The public key can be shared with anyone but only Alice has the private key.
So the first thing that happens is that Bob uses Alice’s public key to encrypt his message. He turns “hello Alice” into ciphertext, which basically looks like scrambled random letters.
This message is now encrypted and it is sent over the Internet.
As the message is sent across the Internet it passes through multiple servers, including the servers that belong to the email service and servers belonging to Internet service providers.
Even though these companies could try to read the message it will be impossible to turn the ciphertext back into a message that is readable.
Only Alice can turn the cypher text back into plain text with her private key.
If Alex wants to reply to her message then she simply repeats the process and she will use Bob’s public key to encrypt her reply.
As I said before the public key can be shared with anyone who wants to encrypt a message, but the private key on the other hand which is used to decrypt messages that are sent to you never actually leave your device.
it’s a bit like a mailbox, in other words, anyone that has access to the public key can put something into your mailbox and lock it, but only you can unlock it with your own private key
The future of encryption
So what does the future hold for encryption?
Well even some of our strongest encryption algorithms could be rendered useless once quantum computers become more mainstream.
This is because quantum computers will be able to work out the prime numbers that are used for private keys.
So what are we doing about this?
Well researchers are currently working on quantum safe classical cryptographic algorithms. These are algorithms that can’t be cracked by quantum computers or classical computers (computers that we have today).
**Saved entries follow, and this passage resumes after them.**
(* Let $p$ be an indecomposable permutation avoiding $3241$ and $4321$ that contains the pattern $321$, with associated triple $(a,b,c)$. Then there is an entry $w$ of $p$ such that $w\,b\,a$ is an occurrence of $321$ in $p$ (i.e. $w$ lies to the left of $b$ and $w>b$).
   Context: Permutations of $[n]$ are in one-line notation; pattern containment/avoidance is in the usual classical sense. Indecomposable: no $k$ with $1\le k\le n-1$ and $\{p_1,\dots,p_k\}=\{1,\dots,k\}$. An entry is a left-to-right maximum (LRMax) if it exceeds all entries to its left. For a $321$-containing permutation $p$, the associated triple $(a,b,c)$ is: $a$ is the rightmost entry of $p$ that plays the role of the ''1'' in some occurrence of $321$; $b$ is the rightmost entry to the left of $a$ that exceeds $a$; $c$ is the first entry to the right of $a$ that is not a LRMax, with $c=\infty$ if no such entry exists. *)

From mathcomp Require Import all_boot.
Set Implicit Arguments.
Unset Strict Implicit.
Unset Printing Implicit Defensive.

(* Permutations of [n] in one-line notation, as sequences of naturals.
   Positions are 0-based; entries are values in 1..n. *)
Definition entry (p : seq nat) (i : nat) : nat := nth 0 p i.

Definition is_perm (p : seq nat) : Prop := perm_eq p (iota 1 (size p)).

Definition contains (p q : seq nat) : Prop :=
  exists idx : seq nat,
    [/\ size idx = size q, sorted ltn idx, all (fun i => i < size p) idx &
        forall i j, i < size q -> j < size q ->
          (entry p (nth 0 idx i) < entry p (nth 0 idx j)) = (nth 0 q i < nth 0 q j)].

Definition avoids (p q : seq nat) : Prop := ~ contains p q.

Definition indecomposable (p : seq nat) : Prop :=
  forall k, 1 <= k <= (size p).-1 ->
    ~ (forall x, (x \in take k p) = (x \in iota 1 k)).

Definition role1_of_321 (p : seq nat) (j : nat) : Prop :=
  exists i1 i2, [/\ i1 < i2, i2 < j, j < size p,
                    entry p i1 > entry p i2 & entry p i2 > entry p j].

Definition is_LRMax (p : seq nat) (j : nat) : Prop :=
  forall i, i < j -> entry p i < entry p j.

(* associated triple (a,b,c), given by positions ia, ib and
   ic = Some position of c, or None for c = infinity *)
Definition assoc_triple (p : seq nat) (ia ib : nat) (ic : option nat) : Prop :=
  [/\
      role1_of_321 p ia /\ (forall j, role1_of_321 p j -> j <= ia),
      [/\ ib < ia, entry p ib > entry p ia &
          forall i, i < ia -> entry p i > entry p ia -> i <= ib] &
      match ic with
      | Some jc => [/\ ia < jc, jc < size p, ~ is_LRMax p jc &
                     forall j, ia < j < jc -> is_LRMax p j]
      | None => forall j, ia < j < size p -> is_LRMax p j
      end].

From mathcomp Require Import all_boot.
From mathcomp Require Import zify.

(* Let x y a be a 321 whose "1" is a.  The entry y exceeds a and lies left
   of it, so y is weakly left of b by the choice of b.  If x > b we are done
   with w = x.  Otherwise x < b, hence y < x < b, so y lies strictly left of
   b and x y b a is an occurrence of 3241, which p avoids. *)

Lemma perm_entry_inj {p : seq nat} {i j : nat} :
  is_perm p -> i < size p -> j < size p -> entry p i = entry p j -> i = j.
Proof.
move=> Hp hi hj Eij; have huniq : uniq p by rewrite (perm_uniq Hp) iota_uniq.
by apply/eqP; rewrite -(nth_uniq 0 hi hj huniq); apply/eqP.
Qed.

Lemma contains_3241 {p : seq nat} {i1 i2 i3 i4 : nat} :
  i1 < i2 -> i2 < i3 -> i3 < i4 -> i4 < size p ->
  entry p i4 < entry p i2 -> entry p i2 < entry p i1 ->
  entry p i1 < entry p i3 ->
  contains p [:: 3; 2; 4; 1].
Proof.
move=> h12 h23 h34 h4 e42 e21 e13.
exists [:: i1; i2; i3; i4]; split => //=.
- by rewrite h12 h23 h34.
- by rewrite h4 !andbT; apply/and3P; split; lia.
- move=> i j hi hj.
  by case: i hi => [|[|[|[|i]]]] hi //; case: j hj => [|[|[|[|j]]]] hj //=; lia.
Qed.

Theorem proposition4 (p : seq nat) (ia ib : nat) (ic : option nat) :
  is_perm p -> indecomposable p ->
  avoids p [:: 3; 2; 4; 1] -> avoids p [:: 4; 3; 2; 1] ->
  contains p [:: 3; 2; 1] ->
  assoc_triple p ia ib ic ->
  exists iw, iw < ib /\ entry p iw > entry p ib.
Proof.
move=> Hp _ avoid3241 _ _ [[[ix [iy [hxy hya hap hyx hay]]] _] [hba _ hbmax] _].
have hyb : iy <= ib by apply: hbmax => //; apply: ltn_trans hay.
have hxb : ix < ib by apply: leq_trans hyb.
have [hbx | hxb_le] := ltnP (entry p ib) (entry p ix); first by exists ix.
have hxb_lt : entry p ix < entry p ib.
  rewrite ltn_neqAle hxb_le andbT; apply/eqP => E.
  have hbp : ib < size p by apply: ltn_trans hap.
  by move: (hxb); rewrite (perm_entry_inj Hp (ltn_trans hxb hbp) hbp E) ltnn.
have hyb_lt : iy < ib.
  by rewrite ltn_neqAle hyb andbT; apply/eqP => E; move: hyx; rewrite E; lia.
by case: avoid3241; apply: (contains_3241 hxy hyb_lt hba hap hay hyx hxb_lt).
Qed.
In parallel to that, other research is being carried out around Quantum Key Distribution (QKD). QKD doesn’t actually encrypt any user data at all, but it does allow users to securely distribute keys to each other which can then be used for subsequent encrypted communication.
Wrapping up
So in this article we have seen that the most secure encryption algorithm is the One Time Pad but it isn’t in widespread use because of the practicality involved in distributing the keys securely.
We have examined two alternative algorithms which are in widespread use today. These are AES and RSA.
These algorithms are ultra secure in the sense that they can’t be cracked in any reasonable amount of time using the current state of the art computers that we have today.
However, once quantum computers do become mainstream, algorithms such as RSA and AES will come under threat and that is why security experts are desperate to find ways to protect Our Data before it is too late.